Thursday, February 4, 2010

A Candy Bar, Really?

Throughout Slaughterhouse-Five, Vonnegut uses several metaphors to describe objects that remind him of war. For example, when the woman in his office was munching on a Three Musketeers Candy Bar while questioning him about what the “squashed guy looked like when he was squashed.” At first, this statement seems irrelevant and random like the rest of chapter one. However, if one looks at it the way Vonnegut intended it, then the situation enters a completely different perspective. Although death for most people is depressing, for Vonnegut, it is an everyday thing that no one can avoid. After loved ones die, all he can say is so it goes. This makes one think that Vonnegut knows death happens and no one can stop it, so why get depressed over it. Vonnegut almost seems numb when it comes to death, perhaps it is easier for him to almost ignore it seem he had to experience so much during the war.
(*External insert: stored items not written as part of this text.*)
Definition composite_setting {R : realType} {n m : nat}
  (G : 'I_m -> 'rV[R]_n -> R) (gradG : 'I_m -> 'rV[R]_n -> 'rV[R]_n)
  (H : 'I_m -> 'rV[R]_n -> \bar R) : Prop :=
  [/\ forall j, is_gradient (G j) (gradG j) /\ continuous (gradG j)
                /\ convex_real (G j),
      forall j, proper_ext (H j) /\ convex_ext (H j) /\ continuous_on_dom (H j),
      domF H !=set0 & closed (domF H)].

Definition psi {R : realType} {n m : nat}
  (gradG : 'I_m -> 'rV[R]_n -> 'rV[R]_n) (H : 'I_m -> 'rV[R]_n -> \bar R)
  (x u : 'rV[R]_n) : \bar R :=
  \big[maxe/-oo%E]_(j < m) ((dotv (gradG j x) (u - x))%:E + H j u - H j x)%E.

Definition prox_obj {R : realType} {n m : nat}
  (gradG : 'I_m -> 'rV[R]_n -> 'rV[R]_n) (H : 'I_m -> 'rV[R]_n -> \bar R)
  (alpha : R) (x u : 'rV[R]_n) : \bar R :=
  (psi gradG H x u + (sqnorm (u - x) / (2 * alpha))%:E)%E.

Definition is_prox {R : realType} {n m : nat}
  (gradG : 'I_m -> 'rV[R]_n -> 'rV[R]_n) (H : 'I_m -> 'rV[R]_n -> \bar R)
  (alpha : R) (x p : 'rV[R]_n) : Prop :=
  forall u, (prox_obj gradG H alpha x p <= prox_obj gradG H alpha x u)%E.

Definition theta {R : realType} {n m : nat}
  (gradG : 'I_m -> 'rV[R]_n -> 'rV[R]_n) (H : 'I_m -> 'rV[R]_n -> \bar R)
  (alpha : R) (x p : 'rV[R]_n) : \bar R := prox_obj gradG H alpha x p.

Section LineSearch.
Variables (R : realType) (c desc call : R -> Prop) (tau1 tau2 : R).
(* c t    : Armijo-type test of Step 3.1 for j_k^*
   desc t : F(x^k + t d^k) ⪯ F(x^k)   (Step 3.2)
   call t : Armijo-type test of Step 3.3 for all j *)

(* values of t at which Step 3.1 is (re)executed *)
Inductive ls_step31 : R -> Prop :=
| ls31_init : ls_step31 1
| ls31_back t t' : ls_step31 t -> ~ c t -> tau1 * t <= t' <= tau2 * t ->
    ls_step31 t'.

(* values of t held when Step 3.3 is (re)entered, before the replacement *)
Inductive ls_step33 : R -> Prop :=
| ls33_init t : ls_step31 t -> c t -> ~ desc t -> ls_step33 t
| ls33_back t t' : ls_step33 t -> tau1 * t <= t' <= tau2 * t -> ~ call t' ->
    ls_step33 t'.

(* possible outputs t_k of Step 3 *)
Inductive ls_result : R -> Prop :=
| lsr_32 t : ls_step31 t -> c t -> desc t -> ls_result t
| lsr_33 t t' : ls_step33 t -> tau1 * t <= t' <= tau2 * t -> call t' ->
    ls_result t'.
End LineSearch.

Definition armijo {R : realType} {n m : nat}
  (G : 'I_m -> 'rV[R]_n -> R) (gradG : 'I_m -> 'rV[R]_n -> 'rV[R]_n)
  (gamma : R) (j : 'I_m) (x d : 'rV[R]_n) (t : R) : Prop :=
  G j (x + t *: d) <= G j x + t * dotv (gradG j x) d + t * (gamma / 2) * sqnorm d.

(* iteration k is reached iff the algorithm has not stopped at any i < k *)
Definition reached {R : realType} {n m : nat}
  (gradG : 'I_m -> 'rV[R]_n -> 'rV[R]_n) (H : 'I_m -> 'rV[R]_n -> \bar R)
  (alpha : R) (x p : nat -> 'rV[R]_n) (k : nat) : Prop :=
  forall i, (i < k)%N -> theta gradG H alpha (x i) (p i) <> 0%E.

Definition MPG_sequence {R : realType} {n m : nat}
  (G : 'I_m -> 'rV[R]_n -> R) (gradG : 'I_m -> 'rV[R]_n -> 'rV[R]_n)
  (H : 'I_m -> 'rV[R]_n -> \bar R) (alpha gamma tau1 tau2 : R)
  (x p : nat -> 'rV[R]_n) (t : nat -> R) (jstar : nat -> 'I_m) : Prop :=
  [/\
      domF H (x 0%N), 0 < alpha, 0 < gamma < 2 / alpha & (0 < tau1) && (tau1 < tau2 < 1)]
  /\ forall k, reached gradG H alpha x p k ->
     is_prox gradG H alpha (x k) (p k) /\
     (* Steps 2-4 when the algorithm does not stop *)
     (theta gradG H alpha (x k) (p k) <> 0%E ->
      let d := p k - x k in
      [/\ forall j, dotv (gradG j (x k)) d <= dotv (gradG (jstar k) (x k)) d,
          ls_result (armijo G gradG gamma (jstar k) (x k) d)
                    (fun s => F_le G H (x k + s *: d) (x k))
                    (fun s => forall j, armijo G gradG gamma j (x k) d s)
                    tau1 tau2 (t k)
        & x k.+1 = x k + t k *: d]).

Definition Lmax {R : realType} {m : nat} (L : 'I_m -> R) : R :=
  \big[Num.max/0]_(j < m) L j.

From HB Require Import structures.
From mathcomp Require Import all_boot all_order all_algebra.
From mathcomp Require Import all_classical all_reals all_analysis.
From mathcomp Require Import ring lra.
Import Order.TTheory GRing.Theory Num.Theory.
Import numFieldNormedType.Exports.
Local Open Scope ring_scope.

(* With b := gamma / Lmax, the descent lemma
   G_j (x + s d) <= G_j x + s <grad G_j x, d> + L_j s^2 |d|^2 / 2
   makes every Armijo test of Step 3 pass for 0 < s <= b.  Comparing the
   proximal point p with x + r d (0 <= r < 1), along which psi_x is convex
   with psi_x(x) <= 0, gives psi_x(p) <= -(1 + r) |d|^2 / (2 alpha); as
   gamma alpha < 2 this yields <grad G_j x, d> + H_j p - H_j x + gamma |d|^2 / 2
   <= 0, so passing all Armijo tests at some s in (0, 1] forces
   F(x + s d) <= F(x).  Hence Step 3.3 is entered only with t > b, and
   backtracking from t > b never goes below tau1 b; Step 3.1 starts at 1 and
   also backtracks only from t > b.  The iterates stay in dom F since
   x^(k+1) lies on the segment [x^k, p^k]. *)

Section EuclideanGeometry.
Context {R : realType} {n : nat}.
Implicit Types (u v w : 'rV[R]_n) (r : R).

Lemma dotvBl u v w : dotv (u - v) w = dotv u w - dotv v w.
Proof. by rewrite /dotv -sumrB; apply: eq_bigr => i _; rewrite !mxE mulrBl. Qed.

Lemma dotvZl r u w : dotv (r *: u) w = r * dotv u w.
Proof. by rewrite /dotv mulr_sumr; apply: eq_bigr => i _; rewrite !mxE mulrA. Qed.

Lemma dotvZr r u w : dotv u (r *: w) = r * dotv u w.
Proof. by rewrite /dotv mulr_sumr; apply: eq_bigr => i _; rewrite !mxE mulrCA. Qed.

Lemma dotv0r u : dotv u 0 = 0.
Proof. by rewrite /dotv big1 // => i _; rewrite mxE mulr0. Qed.

Lemma sqnorm_ge0 u : 0 <= sqnorm u.
Proof. by rewrite /sqnorm /dotv sumr_ge0 // => i _; rewrite -expr2 sqr_ge0. Qed.

Lemma sqnormZ r u : sqnorm (r *: u) = r ^+ 2 * sqnorm u.
Proof. by rewrite /sqnorm dotvZl dotvZr mulrA expr2. Qed.

Lemma enorm_ge0 u : 0 <= enorm u.
Proof. exact: sqrtr_ge0. Qed.

Lemma sqr_enorm u : enorm u ^+ 2 = sqnorm u.
Proof. by rewrite /enorm sqr_sqrtr // sqnorm_ge0. Qed.

Lemma dotv_le_sqnorm (c : R) u v :
  0 < c -> sqnorm u <= c ^+ 2 * sqnorm v -> dotv u v <= c * sqnorm v.
Proof.
move=> c0 uv.
have amgm : 2 * c * dotv u v <= sqnorm u + c ^+ 2 * sqnorm v.
  rewrite /sqnorm /dotv !mulr_sumr -big_split /=; apply: ler_sum => i _.
  have := sqr_ge0 (u ord0 i - c * v ord0 i); nra.
nra.
Qed.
Vonnegut had different opinion on death, during chapter two, the answer to death becomes apparent to Billy. After tralfamadores abduct Billy Pilgrim, he feels that death is nothing to feel and that it is just something that happens. Billy claims that the tralfamadorians see a corpse “that the dead person is in a bad condition in that particular moment.” Death is nothing to fear because it happens to everyone, but for some, it happens to be very horrific. On the other hand, one can also take it has a metaphor for “The Three Musketeers” that Billy encountered during the war. To me, Vonnegut used the women in the office eating the Three Musketeer Candy Bar in two different ways. One way is to show that death does not affect some people, such as that woman from his office, because she continue to munch on her candy bar as she asked for the gruesome details about the squashed man. The other way is foreshadowing the group of people that Billy meets in the war. The Three Musketeers play a major role in keeping Billy alive. Regardless if the Three Musketeer Candy Bar has anything to do with the heroes later in the story or not, somehow I felt the two had a connection.